WHAT IS BEING ASKED:
I need every line of the material below that includes the string "maximal".

--- MATERIAL SHOWN Enclosed Below ---

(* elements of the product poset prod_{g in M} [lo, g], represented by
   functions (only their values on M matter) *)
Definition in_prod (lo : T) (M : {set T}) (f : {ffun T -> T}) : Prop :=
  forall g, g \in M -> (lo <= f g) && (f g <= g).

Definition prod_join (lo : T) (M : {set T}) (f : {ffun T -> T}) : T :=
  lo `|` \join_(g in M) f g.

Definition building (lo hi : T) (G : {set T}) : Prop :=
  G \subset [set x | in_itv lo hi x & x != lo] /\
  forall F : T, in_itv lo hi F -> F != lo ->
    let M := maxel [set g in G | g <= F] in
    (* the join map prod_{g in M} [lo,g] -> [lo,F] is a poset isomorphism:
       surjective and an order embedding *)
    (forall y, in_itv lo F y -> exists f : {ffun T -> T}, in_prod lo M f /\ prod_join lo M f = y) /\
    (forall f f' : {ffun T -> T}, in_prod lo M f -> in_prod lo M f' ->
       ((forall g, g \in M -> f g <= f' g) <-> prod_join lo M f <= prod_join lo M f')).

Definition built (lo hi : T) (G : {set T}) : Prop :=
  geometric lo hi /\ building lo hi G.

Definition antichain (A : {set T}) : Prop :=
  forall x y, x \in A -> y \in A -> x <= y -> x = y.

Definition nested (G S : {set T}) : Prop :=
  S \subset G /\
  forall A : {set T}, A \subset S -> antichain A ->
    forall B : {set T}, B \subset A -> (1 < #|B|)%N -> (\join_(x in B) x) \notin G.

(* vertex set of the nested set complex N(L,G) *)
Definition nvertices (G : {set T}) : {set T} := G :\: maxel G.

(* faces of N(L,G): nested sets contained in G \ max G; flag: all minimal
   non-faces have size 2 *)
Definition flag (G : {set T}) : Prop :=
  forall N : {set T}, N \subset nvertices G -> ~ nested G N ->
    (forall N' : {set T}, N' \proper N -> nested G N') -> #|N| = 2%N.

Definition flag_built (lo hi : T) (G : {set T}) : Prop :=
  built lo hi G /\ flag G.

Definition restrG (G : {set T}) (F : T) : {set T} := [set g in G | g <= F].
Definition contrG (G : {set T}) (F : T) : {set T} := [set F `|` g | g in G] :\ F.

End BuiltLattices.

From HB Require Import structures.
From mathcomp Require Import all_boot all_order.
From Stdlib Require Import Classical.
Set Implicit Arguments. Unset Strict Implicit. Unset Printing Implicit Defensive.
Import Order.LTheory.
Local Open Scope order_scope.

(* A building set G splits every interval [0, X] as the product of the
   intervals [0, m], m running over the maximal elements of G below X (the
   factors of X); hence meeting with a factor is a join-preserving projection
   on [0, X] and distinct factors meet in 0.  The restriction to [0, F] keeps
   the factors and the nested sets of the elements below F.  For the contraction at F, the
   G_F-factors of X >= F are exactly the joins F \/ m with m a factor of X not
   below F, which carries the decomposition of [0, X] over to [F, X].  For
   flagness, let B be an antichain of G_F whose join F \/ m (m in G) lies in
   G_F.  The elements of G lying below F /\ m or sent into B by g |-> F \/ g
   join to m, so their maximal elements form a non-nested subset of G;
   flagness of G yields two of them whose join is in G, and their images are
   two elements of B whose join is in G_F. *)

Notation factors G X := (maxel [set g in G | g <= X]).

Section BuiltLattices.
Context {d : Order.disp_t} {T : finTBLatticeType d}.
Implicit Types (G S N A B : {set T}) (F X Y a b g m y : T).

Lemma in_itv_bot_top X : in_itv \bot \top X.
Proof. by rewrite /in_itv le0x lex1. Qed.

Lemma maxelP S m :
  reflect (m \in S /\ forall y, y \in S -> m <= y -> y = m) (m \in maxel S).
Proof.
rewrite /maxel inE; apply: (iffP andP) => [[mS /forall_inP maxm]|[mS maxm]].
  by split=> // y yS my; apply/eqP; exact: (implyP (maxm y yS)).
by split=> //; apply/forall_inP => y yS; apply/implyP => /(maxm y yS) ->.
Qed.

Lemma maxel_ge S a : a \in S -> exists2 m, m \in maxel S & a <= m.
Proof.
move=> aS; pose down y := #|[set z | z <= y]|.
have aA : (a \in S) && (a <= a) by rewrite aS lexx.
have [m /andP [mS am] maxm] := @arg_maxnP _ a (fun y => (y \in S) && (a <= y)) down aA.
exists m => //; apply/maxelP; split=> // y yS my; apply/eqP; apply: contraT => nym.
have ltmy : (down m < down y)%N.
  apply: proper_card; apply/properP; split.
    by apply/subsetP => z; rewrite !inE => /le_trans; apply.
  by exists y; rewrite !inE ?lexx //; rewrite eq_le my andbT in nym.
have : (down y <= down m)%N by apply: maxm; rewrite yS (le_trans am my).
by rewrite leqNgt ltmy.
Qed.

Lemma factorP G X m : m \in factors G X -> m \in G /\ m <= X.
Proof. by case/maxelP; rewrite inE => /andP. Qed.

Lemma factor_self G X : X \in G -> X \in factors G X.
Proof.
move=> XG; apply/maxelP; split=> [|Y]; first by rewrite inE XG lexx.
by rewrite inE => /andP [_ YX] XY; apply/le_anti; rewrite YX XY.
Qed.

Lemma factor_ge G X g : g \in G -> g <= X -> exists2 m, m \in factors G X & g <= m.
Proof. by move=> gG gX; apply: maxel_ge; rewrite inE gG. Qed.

--- End of Enclosed MATERIAL SHOWN ---
--- MATERIAL SHOWN Enclosed Below ---

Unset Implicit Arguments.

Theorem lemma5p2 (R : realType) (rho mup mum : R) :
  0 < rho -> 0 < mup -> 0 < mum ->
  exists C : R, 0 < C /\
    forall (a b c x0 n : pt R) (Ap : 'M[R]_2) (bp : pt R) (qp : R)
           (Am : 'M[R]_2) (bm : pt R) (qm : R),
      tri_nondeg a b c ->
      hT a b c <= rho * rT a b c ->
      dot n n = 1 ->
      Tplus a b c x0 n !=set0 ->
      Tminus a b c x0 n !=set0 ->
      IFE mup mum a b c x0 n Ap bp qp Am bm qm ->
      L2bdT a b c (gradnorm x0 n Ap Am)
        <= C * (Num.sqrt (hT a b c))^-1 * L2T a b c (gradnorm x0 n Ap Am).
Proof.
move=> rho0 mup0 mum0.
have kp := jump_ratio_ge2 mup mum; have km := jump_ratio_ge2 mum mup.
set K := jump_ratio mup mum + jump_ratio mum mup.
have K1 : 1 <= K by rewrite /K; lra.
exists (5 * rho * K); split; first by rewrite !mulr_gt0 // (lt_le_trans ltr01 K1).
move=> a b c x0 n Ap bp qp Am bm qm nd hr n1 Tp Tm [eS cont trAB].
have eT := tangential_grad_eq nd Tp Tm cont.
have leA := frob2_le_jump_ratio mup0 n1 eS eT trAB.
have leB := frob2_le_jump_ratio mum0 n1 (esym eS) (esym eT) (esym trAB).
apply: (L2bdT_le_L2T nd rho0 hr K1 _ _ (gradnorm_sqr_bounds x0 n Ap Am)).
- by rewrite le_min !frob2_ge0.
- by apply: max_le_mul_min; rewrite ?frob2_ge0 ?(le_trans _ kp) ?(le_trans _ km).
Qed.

--- End of Enclosed MATERIAL SHOWN ---

WORKED SOLUTION:
   intervals [0, m], m running over the maximal elements of G below X (the
   join to m, so their maximal elements form a non-nested subset of G;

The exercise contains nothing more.